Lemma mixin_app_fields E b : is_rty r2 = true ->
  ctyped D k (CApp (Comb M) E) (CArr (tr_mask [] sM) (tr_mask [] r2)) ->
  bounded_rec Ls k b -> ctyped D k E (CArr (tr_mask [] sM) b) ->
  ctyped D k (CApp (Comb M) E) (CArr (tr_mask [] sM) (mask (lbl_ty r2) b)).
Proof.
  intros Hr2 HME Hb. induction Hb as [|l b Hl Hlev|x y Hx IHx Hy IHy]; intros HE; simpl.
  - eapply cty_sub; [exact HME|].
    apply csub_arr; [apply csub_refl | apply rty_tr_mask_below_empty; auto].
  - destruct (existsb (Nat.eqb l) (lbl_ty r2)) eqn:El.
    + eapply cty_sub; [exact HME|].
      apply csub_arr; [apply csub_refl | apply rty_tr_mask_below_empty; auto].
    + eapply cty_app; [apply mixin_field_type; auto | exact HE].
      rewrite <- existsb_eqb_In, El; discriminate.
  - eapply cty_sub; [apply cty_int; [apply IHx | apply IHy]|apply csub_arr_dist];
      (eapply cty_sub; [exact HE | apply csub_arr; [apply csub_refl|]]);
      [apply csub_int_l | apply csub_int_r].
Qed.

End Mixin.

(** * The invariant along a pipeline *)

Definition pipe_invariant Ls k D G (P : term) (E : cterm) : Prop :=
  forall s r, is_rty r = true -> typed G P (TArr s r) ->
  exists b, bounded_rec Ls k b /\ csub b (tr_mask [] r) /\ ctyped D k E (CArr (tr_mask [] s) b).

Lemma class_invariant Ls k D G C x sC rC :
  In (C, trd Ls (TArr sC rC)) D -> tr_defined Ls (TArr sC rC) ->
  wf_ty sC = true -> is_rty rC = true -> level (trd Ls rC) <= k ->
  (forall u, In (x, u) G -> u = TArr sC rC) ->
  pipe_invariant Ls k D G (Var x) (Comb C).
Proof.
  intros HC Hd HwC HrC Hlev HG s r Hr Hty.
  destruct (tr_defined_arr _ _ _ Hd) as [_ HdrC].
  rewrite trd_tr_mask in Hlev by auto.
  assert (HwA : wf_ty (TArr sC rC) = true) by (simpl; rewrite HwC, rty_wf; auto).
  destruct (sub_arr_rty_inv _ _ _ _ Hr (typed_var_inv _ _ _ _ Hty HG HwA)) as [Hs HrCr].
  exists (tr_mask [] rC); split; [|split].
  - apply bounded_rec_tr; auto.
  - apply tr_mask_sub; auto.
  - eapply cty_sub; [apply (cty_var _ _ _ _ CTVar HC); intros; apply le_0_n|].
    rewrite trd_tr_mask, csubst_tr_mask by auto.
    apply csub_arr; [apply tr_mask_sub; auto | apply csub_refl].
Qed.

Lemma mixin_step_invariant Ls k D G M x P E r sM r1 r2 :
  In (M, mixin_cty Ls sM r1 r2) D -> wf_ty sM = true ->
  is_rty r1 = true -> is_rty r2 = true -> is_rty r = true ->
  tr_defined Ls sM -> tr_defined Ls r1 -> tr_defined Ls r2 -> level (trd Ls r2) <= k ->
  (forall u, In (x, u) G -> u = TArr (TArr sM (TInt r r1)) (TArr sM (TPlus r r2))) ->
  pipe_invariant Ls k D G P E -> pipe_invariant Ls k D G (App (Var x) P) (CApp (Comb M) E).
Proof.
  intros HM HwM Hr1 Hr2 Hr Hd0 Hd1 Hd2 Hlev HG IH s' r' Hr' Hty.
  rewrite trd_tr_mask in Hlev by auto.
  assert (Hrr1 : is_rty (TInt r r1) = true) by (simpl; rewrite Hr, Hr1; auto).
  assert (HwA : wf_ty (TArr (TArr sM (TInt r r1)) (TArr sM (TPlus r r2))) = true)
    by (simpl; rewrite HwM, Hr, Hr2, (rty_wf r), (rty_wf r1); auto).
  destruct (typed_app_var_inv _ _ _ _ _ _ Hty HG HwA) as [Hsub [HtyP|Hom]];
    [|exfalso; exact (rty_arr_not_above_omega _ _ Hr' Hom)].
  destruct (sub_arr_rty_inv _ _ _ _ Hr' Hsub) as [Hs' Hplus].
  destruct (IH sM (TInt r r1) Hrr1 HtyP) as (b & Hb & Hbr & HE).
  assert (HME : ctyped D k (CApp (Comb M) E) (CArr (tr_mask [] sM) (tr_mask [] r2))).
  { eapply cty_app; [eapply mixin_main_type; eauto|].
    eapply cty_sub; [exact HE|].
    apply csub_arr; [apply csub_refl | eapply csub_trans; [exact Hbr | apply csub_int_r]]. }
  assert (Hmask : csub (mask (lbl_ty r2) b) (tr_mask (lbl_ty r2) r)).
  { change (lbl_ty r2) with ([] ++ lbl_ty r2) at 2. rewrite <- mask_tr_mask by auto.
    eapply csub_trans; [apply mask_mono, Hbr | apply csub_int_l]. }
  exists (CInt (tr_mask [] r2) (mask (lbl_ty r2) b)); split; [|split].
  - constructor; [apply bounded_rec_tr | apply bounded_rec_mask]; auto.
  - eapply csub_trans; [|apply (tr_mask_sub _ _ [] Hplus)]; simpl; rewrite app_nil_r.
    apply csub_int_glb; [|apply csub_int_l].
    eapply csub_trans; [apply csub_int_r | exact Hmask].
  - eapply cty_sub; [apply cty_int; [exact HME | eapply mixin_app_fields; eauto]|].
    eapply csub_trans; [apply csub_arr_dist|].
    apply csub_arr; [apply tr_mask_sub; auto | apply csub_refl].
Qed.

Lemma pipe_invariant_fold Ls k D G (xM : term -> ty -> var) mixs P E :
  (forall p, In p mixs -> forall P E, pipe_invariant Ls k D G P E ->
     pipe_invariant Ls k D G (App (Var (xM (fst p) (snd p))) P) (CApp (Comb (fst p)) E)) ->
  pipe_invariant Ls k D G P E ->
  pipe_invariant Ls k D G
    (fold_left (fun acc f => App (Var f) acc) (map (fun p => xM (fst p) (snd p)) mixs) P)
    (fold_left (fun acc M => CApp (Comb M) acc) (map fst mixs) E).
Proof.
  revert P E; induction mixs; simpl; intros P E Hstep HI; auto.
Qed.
...
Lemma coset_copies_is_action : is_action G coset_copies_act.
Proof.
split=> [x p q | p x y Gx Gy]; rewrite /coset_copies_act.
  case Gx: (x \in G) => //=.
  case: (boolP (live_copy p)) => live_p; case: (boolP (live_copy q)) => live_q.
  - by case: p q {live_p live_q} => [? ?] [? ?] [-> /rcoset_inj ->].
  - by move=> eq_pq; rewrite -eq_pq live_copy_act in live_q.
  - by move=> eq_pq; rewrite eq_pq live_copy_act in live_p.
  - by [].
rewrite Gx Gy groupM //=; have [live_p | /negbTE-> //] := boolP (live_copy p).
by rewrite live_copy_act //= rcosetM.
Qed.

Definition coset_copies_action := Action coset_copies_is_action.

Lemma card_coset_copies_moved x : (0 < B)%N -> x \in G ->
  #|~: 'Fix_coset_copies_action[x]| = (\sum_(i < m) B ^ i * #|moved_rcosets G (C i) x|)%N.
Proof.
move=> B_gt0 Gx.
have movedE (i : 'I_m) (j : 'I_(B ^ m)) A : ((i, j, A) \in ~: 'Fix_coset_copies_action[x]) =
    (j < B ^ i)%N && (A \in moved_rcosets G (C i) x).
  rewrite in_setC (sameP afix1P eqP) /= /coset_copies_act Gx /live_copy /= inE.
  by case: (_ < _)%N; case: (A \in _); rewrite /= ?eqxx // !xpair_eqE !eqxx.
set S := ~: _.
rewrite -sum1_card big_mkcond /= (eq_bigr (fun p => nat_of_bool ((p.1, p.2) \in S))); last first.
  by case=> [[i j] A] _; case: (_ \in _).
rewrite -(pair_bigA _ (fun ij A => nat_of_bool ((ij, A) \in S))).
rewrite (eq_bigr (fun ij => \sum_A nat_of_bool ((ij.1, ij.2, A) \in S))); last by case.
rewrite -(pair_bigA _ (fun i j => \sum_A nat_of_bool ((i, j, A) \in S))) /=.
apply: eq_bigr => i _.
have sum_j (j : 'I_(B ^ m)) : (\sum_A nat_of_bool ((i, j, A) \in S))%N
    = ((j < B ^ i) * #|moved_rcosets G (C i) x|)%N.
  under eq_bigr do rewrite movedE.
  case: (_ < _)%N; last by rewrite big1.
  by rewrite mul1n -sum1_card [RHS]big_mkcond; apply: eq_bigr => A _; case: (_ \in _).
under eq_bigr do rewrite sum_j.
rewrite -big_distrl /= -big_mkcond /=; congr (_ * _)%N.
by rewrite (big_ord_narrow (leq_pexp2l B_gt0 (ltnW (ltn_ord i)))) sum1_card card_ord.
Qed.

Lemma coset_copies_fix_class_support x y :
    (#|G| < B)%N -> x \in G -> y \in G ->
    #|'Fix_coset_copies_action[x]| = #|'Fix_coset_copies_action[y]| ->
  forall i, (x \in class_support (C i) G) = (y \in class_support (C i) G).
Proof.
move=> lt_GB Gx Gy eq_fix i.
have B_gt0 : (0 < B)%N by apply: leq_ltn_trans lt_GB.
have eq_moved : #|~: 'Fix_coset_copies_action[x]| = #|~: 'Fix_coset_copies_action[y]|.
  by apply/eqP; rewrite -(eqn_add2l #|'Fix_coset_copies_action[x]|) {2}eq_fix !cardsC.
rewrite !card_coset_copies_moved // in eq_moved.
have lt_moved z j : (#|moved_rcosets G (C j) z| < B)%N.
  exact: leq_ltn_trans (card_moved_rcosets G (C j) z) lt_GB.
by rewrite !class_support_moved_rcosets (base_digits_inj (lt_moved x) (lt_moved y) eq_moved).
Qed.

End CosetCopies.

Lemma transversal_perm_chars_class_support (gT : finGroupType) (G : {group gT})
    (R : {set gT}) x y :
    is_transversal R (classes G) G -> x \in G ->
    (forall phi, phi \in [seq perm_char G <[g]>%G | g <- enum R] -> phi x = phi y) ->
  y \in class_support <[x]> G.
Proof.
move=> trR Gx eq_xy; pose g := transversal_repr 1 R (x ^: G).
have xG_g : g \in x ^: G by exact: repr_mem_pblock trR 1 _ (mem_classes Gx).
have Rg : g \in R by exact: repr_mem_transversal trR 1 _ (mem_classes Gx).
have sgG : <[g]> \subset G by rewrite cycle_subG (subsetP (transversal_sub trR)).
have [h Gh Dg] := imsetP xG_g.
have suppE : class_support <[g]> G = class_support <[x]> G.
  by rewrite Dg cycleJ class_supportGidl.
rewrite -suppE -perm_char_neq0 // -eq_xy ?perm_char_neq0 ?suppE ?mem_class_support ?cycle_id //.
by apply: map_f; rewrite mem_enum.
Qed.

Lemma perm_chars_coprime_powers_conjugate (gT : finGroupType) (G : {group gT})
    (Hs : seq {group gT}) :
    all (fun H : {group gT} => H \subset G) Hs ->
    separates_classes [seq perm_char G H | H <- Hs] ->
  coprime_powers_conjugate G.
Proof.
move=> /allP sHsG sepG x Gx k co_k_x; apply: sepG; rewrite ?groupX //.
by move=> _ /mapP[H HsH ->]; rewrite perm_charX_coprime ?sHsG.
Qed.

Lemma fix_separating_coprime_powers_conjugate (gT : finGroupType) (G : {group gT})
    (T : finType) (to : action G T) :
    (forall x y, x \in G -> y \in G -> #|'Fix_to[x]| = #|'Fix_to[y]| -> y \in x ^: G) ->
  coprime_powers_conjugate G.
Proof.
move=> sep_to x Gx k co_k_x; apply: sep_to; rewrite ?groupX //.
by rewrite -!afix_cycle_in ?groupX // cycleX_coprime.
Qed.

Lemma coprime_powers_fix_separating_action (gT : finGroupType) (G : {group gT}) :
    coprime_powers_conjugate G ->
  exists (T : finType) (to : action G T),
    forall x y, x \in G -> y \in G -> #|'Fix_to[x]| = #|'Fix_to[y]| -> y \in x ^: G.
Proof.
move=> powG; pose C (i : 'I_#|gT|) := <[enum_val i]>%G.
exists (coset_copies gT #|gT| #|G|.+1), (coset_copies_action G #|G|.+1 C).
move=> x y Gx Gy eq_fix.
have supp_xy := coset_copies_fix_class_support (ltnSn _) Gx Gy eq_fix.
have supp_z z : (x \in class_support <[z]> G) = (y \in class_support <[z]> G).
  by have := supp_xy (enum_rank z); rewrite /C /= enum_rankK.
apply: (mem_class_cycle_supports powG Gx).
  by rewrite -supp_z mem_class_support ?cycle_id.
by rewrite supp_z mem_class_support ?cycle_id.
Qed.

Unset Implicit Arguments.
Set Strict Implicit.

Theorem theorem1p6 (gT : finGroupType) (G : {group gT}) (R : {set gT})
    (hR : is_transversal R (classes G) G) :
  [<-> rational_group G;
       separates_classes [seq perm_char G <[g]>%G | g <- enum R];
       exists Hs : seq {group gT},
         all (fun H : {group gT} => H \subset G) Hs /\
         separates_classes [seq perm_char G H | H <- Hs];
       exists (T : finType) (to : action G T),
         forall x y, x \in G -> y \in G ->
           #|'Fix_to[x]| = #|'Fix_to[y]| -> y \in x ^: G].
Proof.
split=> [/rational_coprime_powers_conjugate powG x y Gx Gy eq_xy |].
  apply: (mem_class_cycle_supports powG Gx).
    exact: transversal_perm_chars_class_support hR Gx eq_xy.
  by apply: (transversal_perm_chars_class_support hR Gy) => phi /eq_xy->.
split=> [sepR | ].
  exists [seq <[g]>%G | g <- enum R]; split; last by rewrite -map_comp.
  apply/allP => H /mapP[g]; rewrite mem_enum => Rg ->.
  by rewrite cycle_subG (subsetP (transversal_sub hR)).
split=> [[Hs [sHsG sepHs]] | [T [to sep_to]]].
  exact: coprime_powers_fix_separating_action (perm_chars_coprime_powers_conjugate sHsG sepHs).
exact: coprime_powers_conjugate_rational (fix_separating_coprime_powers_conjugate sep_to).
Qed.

§ **Problem requirements**:
Each line in the entries above that includes the string "split" should be extracted.

§ **Solution to the exercise**:
  exists (tr_mask [] rC); split; [|split].
  exists (CInt (tr_mask [] r2) (mask (lbl_ty r2) b)); split; [|split].
split=> [x p q | p x y Gx Gy]; rewrite /coset_copies_act.
split=> [/rational_coprime_powers_conjugate powG x y Gx Gy eq_xy |].
split=> [sepR | ].
  exists [seq <[g]>%G | g <- enum R]; split; last by rewrite -map_comp.
split=> [[Hs [sHsG sepHs]] | [T [to sep_to]]].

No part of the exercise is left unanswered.